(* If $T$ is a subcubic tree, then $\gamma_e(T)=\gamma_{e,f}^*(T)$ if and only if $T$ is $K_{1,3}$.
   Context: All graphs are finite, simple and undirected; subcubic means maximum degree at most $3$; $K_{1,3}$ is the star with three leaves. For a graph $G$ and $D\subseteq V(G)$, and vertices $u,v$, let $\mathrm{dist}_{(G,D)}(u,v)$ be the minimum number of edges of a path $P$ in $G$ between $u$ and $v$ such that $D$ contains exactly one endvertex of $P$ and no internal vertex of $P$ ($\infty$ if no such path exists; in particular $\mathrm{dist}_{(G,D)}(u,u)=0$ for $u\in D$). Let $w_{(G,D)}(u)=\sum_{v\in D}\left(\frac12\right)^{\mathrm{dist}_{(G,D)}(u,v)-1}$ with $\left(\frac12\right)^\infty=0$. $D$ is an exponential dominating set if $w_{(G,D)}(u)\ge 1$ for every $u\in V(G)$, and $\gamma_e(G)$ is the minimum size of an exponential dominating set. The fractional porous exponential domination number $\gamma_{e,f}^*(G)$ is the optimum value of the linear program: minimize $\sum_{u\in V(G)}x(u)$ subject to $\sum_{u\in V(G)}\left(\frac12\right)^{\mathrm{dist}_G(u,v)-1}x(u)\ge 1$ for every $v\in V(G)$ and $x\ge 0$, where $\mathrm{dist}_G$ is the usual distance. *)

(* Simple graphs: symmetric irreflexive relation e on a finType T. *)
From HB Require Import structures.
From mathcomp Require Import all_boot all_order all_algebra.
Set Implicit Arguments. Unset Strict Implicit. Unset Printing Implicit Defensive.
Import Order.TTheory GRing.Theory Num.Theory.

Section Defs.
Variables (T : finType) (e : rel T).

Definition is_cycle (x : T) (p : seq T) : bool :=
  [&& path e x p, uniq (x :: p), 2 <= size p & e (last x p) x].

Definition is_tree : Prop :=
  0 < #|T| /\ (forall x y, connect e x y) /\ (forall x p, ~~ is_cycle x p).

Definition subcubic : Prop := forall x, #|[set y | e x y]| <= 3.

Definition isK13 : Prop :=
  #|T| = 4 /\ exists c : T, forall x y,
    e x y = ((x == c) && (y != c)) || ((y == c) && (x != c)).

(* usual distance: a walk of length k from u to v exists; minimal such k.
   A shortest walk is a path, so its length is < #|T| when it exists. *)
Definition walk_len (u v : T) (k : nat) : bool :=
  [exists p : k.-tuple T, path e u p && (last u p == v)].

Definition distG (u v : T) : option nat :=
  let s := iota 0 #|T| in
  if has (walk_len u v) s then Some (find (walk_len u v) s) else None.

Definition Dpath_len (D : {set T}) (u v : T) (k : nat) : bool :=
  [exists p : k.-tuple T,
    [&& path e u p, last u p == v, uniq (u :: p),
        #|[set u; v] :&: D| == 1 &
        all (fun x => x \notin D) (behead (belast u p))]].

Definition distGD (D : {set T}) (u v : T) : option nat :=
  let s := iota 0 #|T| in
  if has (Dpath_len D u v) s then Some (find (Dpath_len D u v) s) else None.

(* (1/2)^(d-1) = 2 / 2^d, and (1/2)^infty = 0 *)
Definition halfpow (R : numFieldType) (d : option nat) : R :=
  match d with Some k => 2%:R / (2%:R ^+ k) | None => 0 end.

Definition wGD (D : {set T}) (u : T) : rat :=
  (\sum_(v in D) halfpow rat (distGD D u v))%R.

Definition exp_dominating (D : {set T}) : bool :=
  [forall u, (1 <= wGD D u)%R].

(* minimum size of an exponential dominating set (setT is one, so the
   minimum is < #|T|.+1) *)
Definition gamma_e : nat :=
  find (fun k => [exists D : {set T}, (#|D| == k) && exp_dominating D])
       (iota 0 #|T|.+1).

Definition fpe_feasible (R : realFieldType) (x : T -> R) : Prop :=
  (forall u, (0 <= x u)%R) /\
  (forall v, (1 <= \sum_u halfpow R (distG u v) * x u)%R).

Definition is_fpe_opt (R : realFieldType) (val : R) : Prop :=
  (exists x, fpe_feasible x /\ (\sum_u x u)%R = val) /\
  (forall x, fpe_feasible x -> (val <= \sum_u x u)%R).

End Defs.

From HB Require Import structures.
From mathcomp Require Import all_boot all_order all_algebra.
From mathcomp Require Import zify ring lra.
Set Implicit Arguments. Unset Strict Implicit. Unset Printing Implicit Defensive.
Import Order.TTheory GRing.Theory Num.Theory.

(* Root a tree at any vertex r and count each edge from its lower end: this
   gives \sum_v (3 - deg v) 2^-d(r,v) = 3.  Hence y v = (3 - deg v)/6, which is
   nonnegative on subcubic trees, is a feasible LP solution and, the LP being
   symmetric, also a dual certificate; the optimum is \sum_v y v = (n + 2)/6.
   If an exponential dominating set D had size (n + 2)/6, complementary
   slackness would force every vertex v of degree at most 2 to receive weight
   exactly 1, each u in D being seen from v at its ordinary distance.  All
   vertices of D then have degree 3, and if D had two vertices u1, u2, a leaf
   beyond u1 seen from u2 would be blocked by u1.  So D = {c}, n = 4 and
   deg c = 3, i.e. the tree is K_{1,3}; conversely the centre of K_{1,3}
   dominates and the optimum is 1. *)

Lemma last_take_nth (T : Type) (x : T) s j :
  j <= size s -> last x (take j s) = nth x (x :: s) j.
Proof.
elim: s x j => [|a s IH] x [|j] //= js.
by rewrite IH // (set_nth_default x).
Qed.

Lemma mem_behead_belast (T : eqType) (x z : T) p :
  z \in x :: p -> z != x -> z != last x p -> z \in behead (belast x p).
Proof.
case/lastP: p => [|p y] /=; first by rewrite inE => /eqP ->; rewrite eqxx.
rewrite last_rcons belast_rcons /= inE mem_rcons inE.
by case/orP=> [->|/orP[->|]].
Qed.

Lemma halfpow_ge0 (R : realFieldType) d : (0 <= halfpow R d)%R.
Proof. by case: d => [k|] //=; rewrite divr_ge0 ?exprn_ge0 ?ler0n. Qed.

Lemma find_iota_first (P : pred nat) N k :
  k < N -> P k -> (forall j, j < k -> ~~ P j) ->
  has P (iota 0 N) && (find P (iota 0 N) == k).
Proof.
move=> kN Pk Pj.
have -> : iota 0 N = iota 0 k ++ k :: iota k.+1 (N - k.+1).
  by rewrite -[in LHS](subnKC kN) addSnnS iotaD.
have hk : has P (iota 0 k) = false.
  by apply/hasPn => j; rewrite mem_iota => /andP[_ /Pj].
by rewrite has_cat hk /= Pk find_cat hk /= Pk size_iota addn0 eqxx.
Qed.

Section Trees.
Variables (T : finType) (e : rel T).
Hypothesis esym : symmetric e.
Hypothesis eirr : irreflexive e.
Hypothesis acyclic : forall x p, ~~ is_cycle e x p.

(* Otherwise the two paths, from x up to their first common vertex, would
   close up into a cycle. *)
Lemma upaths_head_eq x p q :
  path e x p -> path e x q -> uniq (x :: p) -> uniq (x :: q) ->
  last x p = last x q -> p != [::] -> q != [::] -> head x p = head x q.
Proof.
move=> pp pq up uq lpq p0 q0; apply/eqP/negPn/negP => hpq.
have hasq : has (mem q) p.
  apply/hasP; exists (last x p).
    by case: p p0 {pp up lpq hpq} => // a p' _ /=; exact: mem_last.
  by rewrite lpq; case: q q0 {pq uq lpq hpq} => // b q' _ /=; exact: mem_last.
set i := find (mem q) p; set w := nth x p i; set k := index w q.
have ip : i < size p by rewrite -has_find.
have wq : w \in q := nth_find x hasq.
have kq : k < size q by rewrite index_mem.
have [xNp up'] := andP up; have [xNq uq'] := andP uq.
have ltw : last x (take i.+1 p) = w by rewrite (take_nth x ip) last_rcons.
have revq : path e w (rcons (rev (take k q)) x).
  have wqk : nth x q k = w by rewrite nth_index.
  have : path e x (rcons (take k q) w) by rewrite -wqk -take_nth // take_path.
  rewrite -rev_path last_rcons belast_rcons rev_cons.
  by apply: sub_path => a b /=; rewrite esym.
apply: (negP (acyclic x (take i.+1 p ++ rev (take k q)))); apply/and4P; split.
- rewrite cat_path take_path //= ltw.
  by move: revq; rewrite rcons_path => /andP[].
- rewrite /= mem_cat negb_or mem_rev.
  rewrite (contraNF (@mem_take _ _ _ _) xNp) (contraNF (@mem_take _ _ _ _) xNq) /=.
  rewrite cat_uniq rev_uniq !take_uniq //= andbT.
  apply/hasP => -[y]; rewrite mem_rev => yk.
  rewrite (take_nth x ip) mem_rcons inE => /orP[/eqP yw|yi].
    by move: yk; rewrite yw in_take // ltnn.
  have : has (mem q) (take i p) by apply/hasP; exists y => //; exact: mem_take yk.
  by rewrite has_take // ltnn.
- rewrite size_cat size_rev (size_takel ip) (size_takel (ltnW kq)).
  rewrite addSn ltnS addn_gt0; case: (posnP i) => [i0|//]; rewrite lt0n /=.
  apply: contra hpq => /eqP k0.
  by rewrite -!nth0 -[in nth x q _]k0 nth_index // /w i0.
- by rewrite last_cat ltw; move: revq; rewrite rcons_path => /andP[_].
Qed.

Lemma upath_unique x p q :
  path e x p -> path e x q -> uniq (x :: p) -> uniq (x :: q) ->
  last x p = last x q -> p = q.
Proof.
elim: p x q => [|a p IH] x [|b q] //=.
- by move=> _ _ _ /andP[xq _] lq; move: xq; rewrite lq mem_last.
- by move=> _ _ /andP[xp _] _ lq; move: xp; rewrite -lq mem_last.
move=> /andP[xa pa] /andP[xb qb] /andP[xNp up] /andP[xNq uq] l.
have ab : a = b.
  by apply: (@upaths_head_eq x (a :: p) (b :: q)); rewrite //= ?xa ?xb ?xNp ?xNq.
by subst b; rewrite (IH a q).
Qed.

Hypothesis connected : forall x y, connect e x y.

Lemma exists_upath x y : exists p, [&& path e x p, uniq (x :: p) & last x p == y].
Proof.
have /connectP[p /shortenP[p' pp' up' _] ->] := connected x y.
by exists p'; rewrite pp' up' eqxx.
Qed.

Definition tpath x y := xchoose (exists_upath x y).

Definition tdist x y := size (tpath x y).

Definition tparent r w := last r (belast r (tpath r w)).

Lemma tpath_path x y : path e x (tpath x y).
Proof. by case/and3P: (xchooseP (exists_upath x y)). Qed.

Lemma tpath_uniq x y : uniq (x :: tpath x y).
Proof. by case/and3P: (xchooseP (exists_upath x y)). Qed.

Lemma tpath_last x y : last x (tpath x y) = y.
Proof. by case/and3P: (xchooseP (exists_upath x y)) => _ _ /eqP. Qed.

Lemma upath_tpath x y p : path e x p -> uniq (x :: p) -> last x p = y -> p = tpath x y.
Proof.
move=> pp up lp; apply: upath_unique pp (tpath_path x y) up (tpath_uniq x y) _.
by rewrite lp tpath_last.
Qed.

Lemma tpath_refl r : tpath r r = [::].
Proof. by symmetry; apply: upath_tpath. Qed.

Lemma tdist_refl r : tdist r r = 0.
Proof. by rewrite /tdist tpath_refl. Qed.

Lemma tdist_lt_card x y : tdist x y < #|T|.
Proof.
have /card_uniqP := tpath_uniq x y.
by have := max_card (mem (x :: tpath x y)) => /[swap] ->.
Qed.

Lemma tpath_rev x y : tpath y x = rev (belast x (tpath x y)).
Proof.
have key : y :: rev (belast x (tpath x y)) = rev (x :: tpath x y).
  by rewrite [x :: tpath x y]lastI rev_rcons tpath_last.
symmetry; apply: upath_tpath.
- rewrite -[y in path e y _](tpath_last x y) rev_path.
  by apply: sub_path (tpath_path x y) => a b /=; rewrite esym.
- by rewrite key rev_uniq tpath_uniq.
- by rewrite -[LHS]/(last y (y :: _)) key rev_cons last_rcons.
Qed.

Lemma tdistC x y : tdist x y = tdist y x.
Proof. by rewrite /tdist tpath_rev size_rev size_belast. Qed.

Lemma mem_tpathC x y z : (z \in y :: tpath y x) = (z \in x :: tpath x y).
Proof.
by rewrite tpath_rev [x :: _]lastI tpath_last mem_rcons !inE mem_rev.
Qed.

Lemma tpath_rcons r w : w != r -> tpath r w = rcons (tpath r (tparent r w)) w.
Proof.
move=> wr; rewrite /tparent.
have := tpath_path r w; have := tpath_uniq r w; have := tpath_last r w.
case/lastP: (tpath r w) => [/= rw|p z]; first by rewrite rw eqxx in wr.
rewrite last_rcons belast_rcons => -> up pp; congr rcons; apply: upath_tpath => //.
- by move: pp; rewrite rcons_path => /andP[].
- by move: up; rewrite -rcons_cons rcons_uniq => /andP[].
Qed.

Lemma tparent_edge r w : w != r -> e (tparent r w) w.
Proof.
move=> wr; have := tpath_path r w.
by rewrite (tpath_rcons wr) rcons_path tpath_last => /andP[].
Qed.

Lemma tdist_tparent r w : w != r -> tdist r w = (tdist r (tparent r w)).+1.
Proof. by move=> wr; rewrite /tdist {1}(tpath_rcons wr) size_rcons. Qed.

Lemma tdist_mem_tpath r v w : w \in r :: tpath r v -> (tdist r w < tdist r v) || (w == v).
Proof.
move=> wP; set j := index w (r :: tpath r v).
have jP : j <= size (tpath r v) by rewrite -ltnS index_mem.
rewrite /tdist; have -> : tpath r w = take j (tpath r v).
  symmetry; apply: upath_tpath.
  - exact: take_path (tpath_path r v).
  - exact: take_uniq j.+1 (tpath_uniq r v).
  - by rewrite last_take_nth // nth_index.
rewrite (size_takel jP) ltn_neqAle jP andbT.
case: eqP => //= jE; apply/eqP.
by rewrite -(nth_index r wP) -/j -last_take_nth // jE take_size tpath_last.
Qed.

_ _ _ _ _

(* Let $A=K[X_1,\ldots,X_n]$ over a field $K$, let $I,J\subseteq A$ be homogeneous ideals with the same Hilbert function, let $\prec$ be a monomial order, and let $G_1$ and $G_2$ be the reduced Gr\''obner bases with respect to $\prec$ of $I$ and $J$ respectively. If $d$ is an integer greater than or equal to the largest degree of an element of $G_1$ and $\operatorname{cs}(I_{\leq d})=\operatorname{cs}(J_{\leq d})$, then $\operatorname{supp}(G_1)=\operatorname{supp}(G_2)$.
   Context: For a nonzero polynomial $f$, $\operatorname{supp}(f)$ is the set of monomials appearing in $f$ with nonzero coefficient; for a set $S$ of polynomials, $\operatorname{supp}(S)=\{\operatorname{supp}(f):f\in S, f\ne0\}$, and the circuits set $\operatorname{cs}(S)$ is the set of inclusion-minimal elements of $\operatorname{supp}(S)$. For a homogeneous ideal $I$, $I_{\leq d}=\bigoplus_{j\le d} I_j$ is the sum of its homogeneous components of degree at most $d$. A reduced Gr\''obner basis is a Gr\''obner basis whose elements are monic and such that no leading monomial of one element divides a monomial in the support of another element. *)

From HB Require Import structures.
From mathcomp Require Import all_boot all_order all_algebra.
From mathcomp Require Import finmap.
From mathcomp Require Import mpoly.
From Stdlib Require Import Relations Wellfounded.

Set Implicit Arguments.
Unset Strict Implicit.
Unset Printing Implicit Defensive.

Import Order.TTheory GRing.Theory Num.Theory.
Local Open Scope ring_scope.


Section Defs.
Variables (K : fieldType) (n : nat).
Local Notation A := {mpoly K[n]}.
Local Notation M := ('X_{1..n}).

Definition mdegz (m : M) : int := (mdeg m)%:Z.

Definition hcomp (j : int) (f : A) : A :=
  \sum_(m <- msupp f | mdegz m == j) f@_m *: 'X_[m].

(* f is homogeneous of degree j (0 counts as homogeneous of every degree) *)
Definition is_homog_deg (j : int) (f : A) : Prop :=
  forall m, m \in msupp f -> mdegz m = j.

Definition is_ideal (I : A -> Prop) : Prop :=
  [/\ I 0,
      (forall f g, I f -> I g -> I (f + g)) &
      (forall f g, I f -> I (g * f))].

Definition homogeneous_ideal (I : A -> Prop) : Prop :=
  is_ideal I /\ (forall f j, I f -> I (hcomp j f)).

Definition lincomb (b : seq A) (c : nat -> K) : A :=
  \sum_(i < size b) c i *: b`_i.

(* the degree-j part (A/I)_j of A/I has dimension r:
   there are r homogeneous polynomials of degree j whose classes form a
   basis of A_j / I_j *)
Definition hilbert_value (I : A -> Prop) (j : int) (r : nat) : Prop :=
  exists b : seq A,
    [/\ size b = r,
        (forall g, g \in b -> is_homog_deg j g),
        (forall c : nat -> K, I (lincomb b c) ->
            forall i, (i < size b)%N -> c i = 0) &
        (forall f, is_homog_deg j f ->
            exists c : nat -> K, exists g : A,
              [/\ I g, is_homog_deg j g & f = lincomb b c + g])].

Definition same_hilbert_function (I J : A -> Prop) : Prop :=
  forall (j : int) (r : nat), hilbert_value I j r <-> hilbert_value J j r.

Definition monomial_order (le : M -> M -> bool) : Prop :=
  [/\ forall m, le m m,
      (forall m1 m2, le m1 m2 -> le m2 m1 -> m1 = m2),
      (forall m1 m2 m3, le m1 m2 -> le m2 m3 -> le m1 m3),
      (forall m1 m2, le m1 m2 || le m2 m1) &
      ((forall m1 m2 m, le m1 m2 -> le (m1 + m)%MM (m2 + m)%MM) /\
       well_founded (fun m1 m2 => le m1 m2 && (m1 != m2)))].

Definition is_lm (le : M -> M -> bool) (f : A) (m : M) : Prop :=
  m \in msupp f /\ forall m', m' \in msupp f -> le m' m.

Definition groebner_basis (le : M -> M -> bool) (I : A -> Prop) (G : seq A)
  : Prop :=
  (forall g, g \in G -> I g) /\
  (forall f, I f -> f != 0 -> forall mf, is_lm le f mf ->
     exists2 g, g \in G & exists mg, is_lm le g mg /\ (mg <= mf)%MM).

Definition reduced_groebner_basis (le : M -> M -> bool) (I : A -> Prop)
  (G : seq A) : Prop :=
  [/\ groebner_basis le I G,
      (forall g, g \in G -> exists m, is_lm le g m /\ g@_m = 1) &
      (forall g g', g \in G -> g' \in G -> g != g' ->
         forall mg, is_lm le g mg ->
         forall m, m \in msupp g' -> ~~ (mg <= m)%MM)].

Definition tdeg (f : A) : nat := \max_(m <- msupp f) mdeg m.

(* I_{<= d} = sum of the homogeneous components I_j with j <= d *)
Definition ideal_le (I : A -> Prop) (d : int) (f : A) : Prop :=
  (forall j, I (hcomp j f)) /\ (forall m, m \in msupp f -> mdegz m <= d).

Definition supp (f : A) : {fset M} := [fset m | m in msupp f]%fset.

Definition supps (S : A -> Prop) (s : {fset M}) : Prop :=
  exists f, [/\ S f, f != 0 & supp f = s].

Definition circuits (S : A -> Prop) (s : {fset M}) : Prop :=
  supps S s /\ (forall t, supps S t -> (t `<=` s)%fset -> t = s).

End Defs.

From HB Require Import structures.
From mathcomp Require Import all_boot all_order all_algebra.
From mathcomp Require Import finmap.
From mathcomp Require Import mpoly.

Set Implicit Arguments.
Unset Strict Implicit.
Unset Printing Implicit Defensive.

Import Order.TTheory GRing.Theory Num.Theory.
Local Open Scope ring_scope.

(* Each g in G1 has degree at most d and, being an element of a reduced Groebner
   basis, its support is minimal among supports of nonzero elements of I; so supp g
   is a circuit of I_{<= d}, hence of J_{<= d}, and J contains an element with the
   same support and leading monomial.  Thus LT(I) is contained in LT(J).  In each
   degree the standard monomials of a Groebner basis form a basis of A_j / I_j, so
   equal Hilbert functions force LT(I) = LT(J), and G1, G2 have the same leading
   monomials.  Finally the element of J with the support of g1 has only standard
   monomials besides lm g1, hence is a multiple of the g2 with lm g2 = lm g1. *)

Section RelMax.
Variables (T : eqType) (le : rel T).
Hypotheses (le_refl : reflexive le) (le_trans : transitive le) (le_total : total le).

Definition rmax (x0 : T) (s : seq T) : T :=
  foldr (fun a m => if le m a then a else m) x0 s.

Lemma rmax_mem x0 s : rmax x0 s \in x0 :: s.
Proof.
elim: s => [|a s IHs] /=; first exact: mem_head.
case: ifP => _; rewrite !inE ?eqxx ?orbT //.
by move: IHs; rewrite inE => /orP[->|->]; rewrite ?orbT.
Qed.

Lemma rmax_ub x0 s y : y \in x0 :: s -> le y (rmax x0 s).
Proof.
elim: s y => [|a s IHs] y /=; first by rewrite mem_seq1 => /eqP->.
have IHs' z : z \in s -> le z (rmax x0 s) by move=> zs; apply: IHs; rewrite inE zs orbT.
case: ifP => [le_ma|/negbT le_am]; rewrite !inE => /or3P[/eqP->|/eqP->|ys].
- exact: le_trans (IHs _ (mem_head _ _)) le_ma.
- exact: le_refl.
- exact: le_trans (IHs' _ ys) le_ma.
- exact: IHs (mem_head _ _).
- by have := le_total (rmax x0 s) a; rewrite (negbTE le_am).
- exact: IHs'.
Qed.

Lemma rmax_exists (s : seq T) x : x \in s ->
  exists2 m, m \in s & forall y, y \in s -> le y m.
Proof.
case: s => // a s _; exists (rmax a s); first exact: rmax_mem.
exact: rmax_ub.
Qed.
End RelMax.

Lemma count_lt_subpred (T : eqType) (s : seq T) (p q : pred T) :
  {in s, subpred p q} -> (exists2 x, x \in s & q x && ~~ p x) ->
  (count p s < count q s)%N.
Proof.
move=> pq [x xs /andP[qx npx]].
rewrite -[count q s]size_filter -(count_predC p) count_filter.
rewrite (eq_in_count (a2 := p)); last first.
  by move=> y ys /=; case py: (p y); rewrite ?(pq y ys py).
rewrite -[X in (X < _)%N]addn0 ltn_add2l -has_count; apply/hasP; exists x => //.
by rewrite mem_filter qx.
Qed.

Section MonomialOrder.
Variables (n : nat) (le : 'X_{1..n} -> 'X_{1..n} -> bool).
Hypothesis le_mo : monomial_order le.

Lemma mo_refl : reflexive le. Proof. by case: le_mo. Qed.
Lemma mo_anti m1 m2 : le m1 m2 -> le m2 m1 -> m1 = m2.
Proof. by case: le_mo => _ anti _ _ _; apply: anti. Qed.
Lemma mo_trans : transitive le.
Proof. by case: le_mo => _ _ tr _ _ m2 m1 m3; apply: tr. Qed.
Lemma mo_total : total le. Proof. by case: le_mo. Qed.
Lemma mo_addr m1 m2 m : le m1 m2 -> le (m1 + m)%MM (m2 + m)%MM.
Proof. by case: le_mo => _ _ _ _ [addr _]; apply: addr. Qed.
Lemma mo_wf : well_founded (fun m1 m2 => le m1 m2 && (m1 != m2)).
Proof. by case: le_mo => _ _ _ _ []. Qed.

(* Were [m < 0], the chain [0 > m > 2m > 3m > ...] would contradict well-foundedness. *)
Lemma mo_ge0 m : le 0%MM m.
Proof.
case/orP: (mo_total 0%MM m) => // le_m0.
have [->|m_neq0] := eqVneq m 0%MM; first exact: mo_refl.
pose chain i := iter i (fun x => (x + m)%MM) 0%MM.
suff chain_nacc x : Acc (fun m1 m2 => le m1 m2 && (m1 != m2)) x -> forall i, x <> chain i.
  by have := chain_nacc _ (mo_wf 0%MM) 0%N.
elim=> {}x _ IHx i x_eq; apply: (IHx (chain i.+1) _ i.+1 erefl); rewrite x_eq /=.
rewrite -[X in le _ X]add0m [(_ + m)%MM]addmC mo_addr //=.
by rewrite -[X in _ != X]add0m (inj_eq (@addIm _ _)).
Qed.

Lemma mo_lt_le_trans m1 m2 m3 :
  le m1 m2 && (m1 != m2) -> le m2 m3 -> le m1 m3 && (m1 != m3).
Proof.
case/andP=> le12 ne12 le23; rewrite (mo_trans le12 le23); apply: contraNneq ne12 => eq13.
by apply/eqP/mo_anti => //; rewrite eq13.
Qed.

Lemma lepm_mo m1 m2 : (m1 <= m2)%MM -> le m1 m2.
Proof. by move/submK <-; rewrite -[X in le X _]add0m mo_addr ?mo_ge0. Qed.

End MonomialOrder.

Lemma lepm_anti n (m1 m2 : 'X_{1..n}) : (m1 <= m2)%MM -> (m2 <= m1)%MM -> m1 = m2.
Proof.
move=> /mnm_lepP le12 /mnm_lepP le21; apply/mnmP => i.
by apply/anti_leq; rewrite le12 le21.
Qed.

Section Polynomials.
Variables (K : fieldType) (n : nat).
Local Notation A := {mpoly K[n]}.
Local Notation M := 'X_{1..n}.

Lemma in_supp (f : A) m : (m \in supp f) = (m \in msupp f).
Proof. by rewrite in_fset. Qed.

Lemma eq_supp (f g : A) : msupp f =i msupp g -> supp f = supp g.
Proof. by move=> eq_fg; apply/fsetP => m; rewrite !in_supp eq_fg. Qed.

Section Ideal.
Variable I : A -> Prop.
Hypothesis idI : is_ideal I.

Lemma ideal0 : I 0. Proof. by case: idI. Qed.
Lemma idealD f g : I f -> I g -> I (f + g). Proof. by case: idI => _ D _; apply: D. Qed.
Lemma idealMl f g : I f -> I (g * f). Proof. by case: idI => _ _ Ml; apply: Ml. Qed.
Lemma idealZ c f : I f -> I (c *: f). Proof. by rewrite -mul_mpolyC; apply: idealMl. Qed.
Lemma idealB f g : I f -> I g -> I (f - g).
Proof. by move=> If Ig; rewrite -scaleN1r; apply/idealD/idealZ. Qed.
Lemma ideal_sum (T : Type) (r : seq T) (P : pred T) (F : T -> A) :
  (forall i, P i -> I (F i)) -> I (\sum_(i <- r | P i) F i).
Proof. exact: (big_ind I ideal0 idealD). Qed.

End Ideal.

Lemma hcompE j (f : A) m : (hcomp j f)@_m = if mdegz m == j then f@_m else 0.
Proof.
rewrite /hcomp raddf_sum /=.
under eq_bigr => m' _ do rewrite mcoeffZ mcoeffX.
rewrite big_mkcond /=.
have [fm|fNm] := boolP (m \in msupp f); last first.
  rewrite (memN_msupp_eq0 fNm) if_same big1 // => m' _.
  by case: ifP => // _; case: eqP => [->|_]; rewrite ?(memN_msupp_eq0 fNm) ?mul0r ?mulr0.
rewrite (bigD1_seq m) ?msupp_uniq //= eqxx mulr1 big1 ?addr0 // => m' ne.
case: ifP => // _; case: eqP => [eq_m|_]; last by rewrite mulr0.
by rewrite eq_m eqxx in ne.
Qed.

_ _ _ _ _

BRIEF: Which lines of the data include the string "nonzero"? Find them and copy each one.

FINAL ANSWER:
   Context: For a nonzero polynomial $f$, $\operatorname{supp}(f)$ is the set of monomials appearing in $f$ with nonzero coefficient; for a set $S$ of polynomials, $\operatorname{supp}(S)=\{\operatorname{supp}(f):f\in S, f\ne0\}$, and the circuits set $\operatorname{cs}(S)$ is the set of inclusion-minimal elements of $\operatorname{supp}(S)$. For a homogeneous ideal $I$, $I_{\leq d}=\bigoplus_{j\le d} I_j$ is the sum of its homogeneous components of degree at most $d$. A reduced Gr\''obner basis is a Gr\''obner basis whose elements are monic and such that no leading monomial of one element divides a monomial in the support of another element. *)
   basis, its support is minimal among supports of nonzero elements of I; so supp g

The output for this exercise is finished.